:: EXERCISE GOAL ::
Through the line that contains "[forall t, forall", return the data below exactly, starting at its first line; leave the rest out.

# # # #

(* Assume $\operatorname{rank}(X)=n$ and that there exists $\tilde A=[\tilde a_1\ \cdots\ \tilde a_s]\in\mathbb{R}^{n\times s}$ with pairwise distinct columns such that $\min_{i\in\mathbb{S}}|I_i(\tilde A)|\ge s\,\nu_n(X)$. Then for every $A\in\mathbb{R}^{n\times s}$, if $\phi(A)=\phi(\tilde A)$ then $\mathrm{set}(A)=\mathrm{set}(\tilde A)$.
   Context: Data: integers $n,s,N\ge1$ and a dataset $\varpi^N=((x_1,y_1),\ldots,(x_N,y_N))$ with $x_t\in\mathbb{R}^n$, $y_t\in\mathbb{R}$; $X=[x_1\ \cdots\ x_N]\in\mathbb{R}^{n\times N}$. Let $\mathbb{T}=\{1,\ldots,N\}$, $\mathbb{S}=\{1,\ldots,s\}$. For $A=[a_1\ \cdots\ a_s]\in\mathbb{R}^{n\times s}$, $\mathrm{set}(A)=\{a_1,\ldots,a_s\}$; $\sigma_A:\mathbb{T}\to\mathbb{S}$ is a switching signal satisfying $\sigma_A(t)\in\arg\min_{i\in\mathbb{S}}|y_t-x_t^\top a_i|$ for all $t$, selected uniquely by a fixed rule depending only on $A$ and the data (among all admissible choices, one maximizing $\min_{i}|I_i(A)|$, ties then broken by assigning the smallest admissible index). $I_i(A)=\{t\in\mathbb{T}:\sigma_A(t)=i\}$. $\phi(A)=\big(y_1-x_1^\top a_{\sigma_A(1)},\ldots,y_N-x_N^\top a_{\sigma_A(N)}\big)^\top$. Genericity index: for $X$ with $\operatorname{rank}(X)=n$, $\nu_n(X)$ is the smallest integer $m$ such that for every $\mathcal{S}\subset\mathbb{T}$ with $|\mathcal{S}|=m$, the submatrix $X_{\mathcal{S}}$ of columns of $X$ indexed by $\mathcal{S}$ has rank $n$. *)

From HB Require Import structures.
From mathcomp Require Import all_boot all_order all_algebra.
From mathcomp Require Import reals.
Set Implicit Arguments. Unset Strict Implicit. Unset Printing Implicit Defensive.
Import Order.TTheory GRing.Theory Num.Theory.
Local Open Scope ring_scope.

Section SwitchedData.
Variables (R : realType) (n s N : nat).
Variables (X : 'M[R]_(n, N)) (y : 'rV[R]_N).

Definition res (A : 'M[R]_(n, s)) (t : 'I_N) (i : 'I_s) : R :=
  y 0 t - (X^T *m A) t i.

Definition admissible (A : 'M[R]_(n, s)) (sg : {ffun 'I_N -> 'I_s}) : bool :=
  [forall t, forall i, `|res A t (sg t)| <= `|res A t i| ].

(* min_i |I_i| for a signal sg (s >= 1 assumed; each card is <= N) *)
Definition mincard (sg : {ffun 'I_N -> 'I_s}) : nat :=
  \big[minn/N]_(i : 'I_s) #|[set t | sg t == i]|.

Definition optimal (A : 'M[R]_(n, s)) (sg : {ffun 'I_N -> 'I_s}) : bool :=
  admissible A sg &&
  [forall sg' : {ffun 'I_N -> 'I_s}, admissible A sg' ==> (mincard sg' <= mincard sg)%N].

(* lexicographic code of a signal (sg(1) most significant digit, base s) *)
Definition code (sg : {ffun 'I_N -> 'I_s}) : nat :=
  (\sum_(t < N) (sg t : nat) * s ^ (N - t.+1))%N.

(* tie-break: among optimal signals, the lexicographically smallest one,
   i.e. smallest admissible index assigned first *)
Definition chosen (A : 'M[R]_(n, s)) (sg : {ffun 'I_N -> 'I_s}) : bool :=
  optimal A sg &&
  [forall sg' : {ffun 'I_N -> 'I_s}, optimal A sg' ==> (code sg <= code sg')%N].

(* the switching signal sigma_A (always Some when s >= 1) *)
Definition sigma (A : 'M[R]_(n, s)) : option {ffun 'I_N -> 'I_s} :=
  [pick sg | chosen A sg].

Definition Iset (A : 'M[R]_(n, s)) (i : 'I_s) : {set 'I_N} :=
  [set t | if sigma A is Some sg then sg t == i else false].

Definition phi (A : 'M[R]_(n, s)) : 'rV[R]_N :=
  \row_t (if sigma A is Some sg then res A t (sg t) else 0).

End SwitchedData.

(* set(A) = {a_1, ..., a_s}, as a sequence compared up to membership *)
Definition colset (R : realType) (n s : nat) (A : 'M[R]_(n, s)) : seq 'cV[R]_n :=
  [seq col i A | i <- enum 'I_s].

Definition subcols (R : realType) (n N : nat) (X : 'M[R]_(n, N)) (S : {set 'I_N})
  : 'M[R]_(n, #|S|) := colsub (@enum_val _ (mem S)) X.

Definition generic_at (R : realType) (n N : nat) (X : 'M[R]_(n, N)) (m : nat) : bool :=
  [forall S : {set 'I_N}, (#|S| == m) ==> (\rank (subcols X S) == n)].

Lemma generic_at_exists (R : realType) (n N : nat) (X : 'M[R]_(n, N)) :
  exists m, generic_at X m.
Proof.
exists N.+1; apply/forallP => S; apply/implyP => HS.
have := max_card (mem S); rewrite card_ord => H.
by move: HS; rewrite eqn_leq [(N.+1 <= _)%N]leqNgt ltnS H andbF.
Qed.

Definition nu (R : realType) (n N : nat) (X : 'M[R]_(n, N)) : nat :=
  ex_minn (generic_at_exists X).

From HB Require Import structures.
From mathcomp Require Import all_boot all_order all_algebra.
From mathcomp Require Import reals.
Set Implicit Arguments. Unset Strict Implicit. Unset Printing Implicit Defensive.
Import Order.TTheory GRing.Theory Num.Theory.
Local Open Scope ring_scope.

(* Fix a mode i of At.  The s
   modes of A partition I_i(At), so by the pigeonhole principle some mode j of
   A is selected on at least nu(X) samples of I_i(At).  On every such sample t
   the residuals coincide, i.e. x_t^T (at_i - a_j) = 0; since any nu(X)
   columns of X have rank n, a vector orthogonal to all of them vanishes, so
   at_i = a_j.  The resulting map i |-> j is injective because the columns of
   At are distinct, hence a bijection of 'I_s, and the column sets coincide. *)

Lemma subset_of_card (T : finType) (S : {set T}) (m : nat) :
  (m <= #|S|)%N -> exists2 S' : {set T}, S' \subset S & #|S'| = m.
Proof.
elim: m => [|m IHm] le_mS; first by exists set0; rewrite ?sub0set ?cards0.
have [S' sub_S'S card_S'] := IHm (ltnW le_mS).
have : (0 < #|S :\: S'|)%N by rewrite cardsD (setIidPr sub_S'S) card_S' subn_gt0.
case/card_gt0P => x; rewrite in_setD => /andP[xNS' xS].
exists (x |: S'); first by rewrite subUset sub1set xS.
by rewrite cardsU1 xNS' card_S'.
Qed.

Lemma pigeonhole (T K : finType) (p : T -> K) (I : {set T}) (m : nat) :
  (0 < #|K|)%N -> (#|K| * m <= #|I|)%N ->
  exists j : K, (m <= #|[set t in I | p t == j]|)%N.
Proof.
move=> K_gt0; case: m => [|m] le_I.
  by case/card_gt0P: K_gt0 => j _; exists j.
apply/existsP; apply: contraLR le_I => /existsPn small_fibers; rewrite -ltnNge.
have card_fibers : #|I| = (\sum_(j : K) #|[set t in I | p t == j]|)%N.
  rewrite -sum1_card (partition_big p xpredT) //=.
  by apply: eq_bigr => j _; rewrite -sum1_card; apply: eq_bigl => t; rewrite inE.
rewrite card_fibers (@leq_ltn_trans (#|K| * m)) ?ltn_pmul2l //.
rewrite -sum_nat_const; apply: leq_sum => j _.
by have := small_fibers j; rewrite -ltnNge ltnS.
Qed.

Lemma orthogonal_generic_eq0 (R : realType) (n N m : nat) (X : 'M[R]_(n, N))
    (S : {set 'I_N}) (v : 'cV[R]_n) :
  generic_at X m -> (m <= #|S|)%N ->
  (forall t, t \in S -> (X^T *m v) t 0 = 0) -> v = 0.
Proof.
move=> X_generic le_mS v_orth.
have [S' sub_S'S card_S'] := subset_of_card le_mS.
have rank_S' : \rank (subcols X S') = n.
  by apply/eqP; move/forallP/(_ S')/implyP: X_generic; apply; apply/eqP.
have : v^T *m subcols X S' = 0.
  rewrite /subcols mulmx_colsub; apply/matrixP => i k.
  rewrite ord1 [RHS]mxE [LHS]mxE -[X]trmxK -trmx_mul [LHS]mxE.
  by apply: v_orth; apply: (subsetP sub_S'S); apply: enum_valP.
move/eqP; rewrite mulmx_free_eq0 /row_free ?rank_S' //.
by move/eqP/(congr1 trmx); rewrite trmxK trmx0.
Qed.

Lemma nu_generic (R : realType) (n N : nat) (X : 'M[R]_(n, N)) :
  generic_at X (nu X).
Proof. by rewrite /nu; case: ex_minnP. Qed.

Section SwitchingSignal.
Variables (R : realType) (n s N : nat) (X : 'M[R]_(n, N)) (y : 'rV[R]_N).
Hypothesis s_gt0 : (0 < s)%N.

Lemma admissible_exists (A : 'M[R]_(n, s)) : exists sg, admissible X y A sg.
Proof.
pose i0 := Ordinal s_gt0.
exists [ffun t => [arg min_(i < i0) `|res X y A t i|]%O].
apply/forallP => t; apply/forallP => i; rewrite ffunE.
by case: arg_minP => // j _; apply.
Qed.

Lemma sigma_defined (A : 'M[R]_(n, s)) : exists sg, sigma X y A = Some sg.
Proof.
have [sg0 adm0] := admissible_exists A.
have [sg1 adm1 max1] := arg_maxnP (fun sg => mincard sg) adm0.
have opt1 : optimal X y A sg1.
  by rewrite /optimal adm1; apply/forallP => sg; apply/implyP => /max1.
have [sg2 opt2 min2] := arg_minnP (fun sg => code sg) opt1.
rewrite /sigma; case: pickP => [sg _ | no_chosen]; first by exists sg.
have /negbT := no_chosen sg2; rewrite /chosen opt2 /=.
by move/forallPn => [sg]; rewrite negb_imply => /andP[/min2 ->].
Qed.

Lemma phiE (A : 'M[R]_(n, s)) sg t :
  sigma X y A = Some sg -> phi X y A 0 t = res X y A t (sg t).
Proof. by move=> sigma_A; rewrite /phi sigma_A mxE. Qed.

Lemma res_sub (A B : 'M[R]_(n, s)) t i j :
  res X y A t i - res X y B t j = (X^T *m (col j B - col i A)) t 0.
Proof.
rewrite /res mulmxBr !colE !mulmxA -!colE !mxE.
by rewrite opprB [LHS]addrC addrA subrK.
Qed.

Lemma mode_matched (A At : 'M[R]_(n, s)) (i : 'I_s) :
  phi X y A = phi X y At -> (s * nu X <= #|Iset X y At i|)%N ->
  exists j, col i At = col j A.
Proof.
move=> phi_eq large_i.
have [sgt sigma_At] := sigma_defined At.
have [sgA sigma_A] := sigma_defined A.
have [j large_ij] :
    exists j : 'I_s, (nu X <= #|[set t in Iset X y At i | sgA t == j]|)%N.
  by apply: pigeonhole; rewrite card_ord.
exists j; apply/eqP; rewrite -subr_eq0; apply/eqP.
apply: (orthogonal_generic_eq0 (nu_generic X) large_ij) => t.
rewrite !inE sigma_At => /andP[/eqP sgt_t /eqP sgA_t].
rewrite -res_sub -sgA_t -sgt_t -(phiE t sigma_A) -(phiE t sigma_At).
by rewrite phi_eq subrr.
Qed.

End SwitchingSignal.

(* A column matching from B into A is injective when the columns of B are
   distinct, hence a bijection of 'I_s, so the two column sets coincide. *)
Lemma colset_eq_of_matching (R : realType) (n s : nat) (A B : 'M[R]_(n, s)) :
  (forall i j, col i B = col j B -> i = j) ->
  (forall i, exists j, col i B = col j A) -> colset A =i colset B.
Proof.
move=> B_distinct matched.
have [f col_f] := fin_all_exists matched.
have f_inj : injective f.
  by move=> i i' f_eq; apply: B_distinct; rewrite !col_f f_eq.
move=> c; apply/mapP/mapP => -[k _ ->].
  have /codomP[i ->] := inj_card_onto f_inj (leqnn _) k.
  by exists i; rewrite ?mem_enum ?col_f.
by exists (f k); rewrite ?mem_enum ?col_f.
Qed.

(* Lemma 4. *)
Theorem lemma4 (R : realType) (n s N : nat) (X : 'M[R]_(n, N)) (y : 'rV[R]_N) :
  (0 < n)%N -> (0 < s)%N -> (0 < N)%N ->
  \rank X = n ->
  forall At : 'M[R]_(n, s),
    (forall i j : 'I_s, col i At = col j At -> i = j) ->
    (forall i : 'I_s, (s * nu X <= #|Iset X y At i|)%N) ->
    forall A : 'M[R]_(n, s),
      phi X y A = phi X y At -> colset A =i colset At.
Proof.
move=> _ s_gt0 _ _ At At_distinct large_modes A phi_eq.
apply: colset_eq_of_matching At_distinct _ => i.
exact: (mode_matched s_gt0 phi_eq (large_modes i)).
Qed.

# # # #

:: YOUR SOLUTION ::
(* Assume $\operatorname{rank}(X)=n$ and that there exists $\tilde A=[\tilde a_1\ \cdots\ \tilde a_s]\in\mathbb{R}^{n\times s}$ with pairwise distinct columns such that $\min_{i\in\mathbb{S}}|I_i(\tilde A)|\ge s\,\nu_n(X)$. Then for every $A\in\mathbb{R}^{n\times s}$, if $\phi(A)=\phi(\tilde A)$ then $\mathrm{set}(A)=\mathrm{set}(\tilde A)$.
   Context: Data: integers $n,s,N\ge1$ and a dataset $\varpi^N=((x_1,y_1),\ldots,(x_N,y_N))$ with $x_t\in\mathbb{R}^n$, $y_t\in\mathbb{R}$; $X=[x_1\ \cdots\ x_N]\in\mathbb{R}^{n\times N}$. Let $\mathbb{T}=\{1,\ldots,N\}$, $\mathbb{S}=\{1,\ldots,s\}$. For $A=[a_1\ \cdots\ a_s]\in\mathbb{R}^{n\times s}$, $\mathrm{set}(A)=\{a_1,\ldots,a_s\}$; $\sigma_A:\mathbb{T}\to\mathbb{S}$ is a switching signal satisfying $\sigma_A(t)\in\arg\min_{i\in\mathbb{S}}|y_t-x_t^\top a_i|$ for all $t$, selected uniquely by a fixed rule depending only on $A$ and the data (among all admissible choices, one maximizing $\min_{i}|I_i(A)|$, ties then broken by assigning the smallest admissible index). $I_i(A)=\{t\in\mathbb{T}:\sigma_A(t)=i\}$. $\phi(A)=\big(y_1-x_1^\top a_{\sigma_A(1)},\ldots,y_N-x_N^\top a_{\sigma_A(N)}\big)^\top$. Genericity index: for $X$ with $\operatorname{rank}(X)=n$, $\nu_n(X)$ is the smallest integer $m$ such that for every $\mathcal{S}\subset\mathbb{T}$ with $|\mathcal{S}|=m$, the submatrix $X_{\mathcal{S}}$ of columns of $X$ indexed by $\mathcal{S}$ has rank $n$. *)

From HB Require Import structures.
From mathcomp Require Import all_boot all_order all_algebra.
From mathcomp Require Import reals.
Set Implicit Arguments. Unset Strict Implicit. Unset Printing Implicit Defensive.
Import Order.TTheory GRing.Theory Num.Theory.
Local Open Scope ring_scope.

Section SwitchedData.
Variables (R : realType) (n s N : nat).
Variables (X : 'M[R]_(n, N)) (y : 'rV[R]_N).

Definition res (A : 'M[R]_(n, s)) (t : 'I_N) (i : 'I_s) : R :=
  y 0 t - (X^T *m A) t i.

Definition admissible (A : 'M[R]_(n, s)) (sg : {ffun 'I_N -> 'I_s}) : bool :=
  [forall t, forall i, `|res A t (sg t)| <= `|res A t i| ].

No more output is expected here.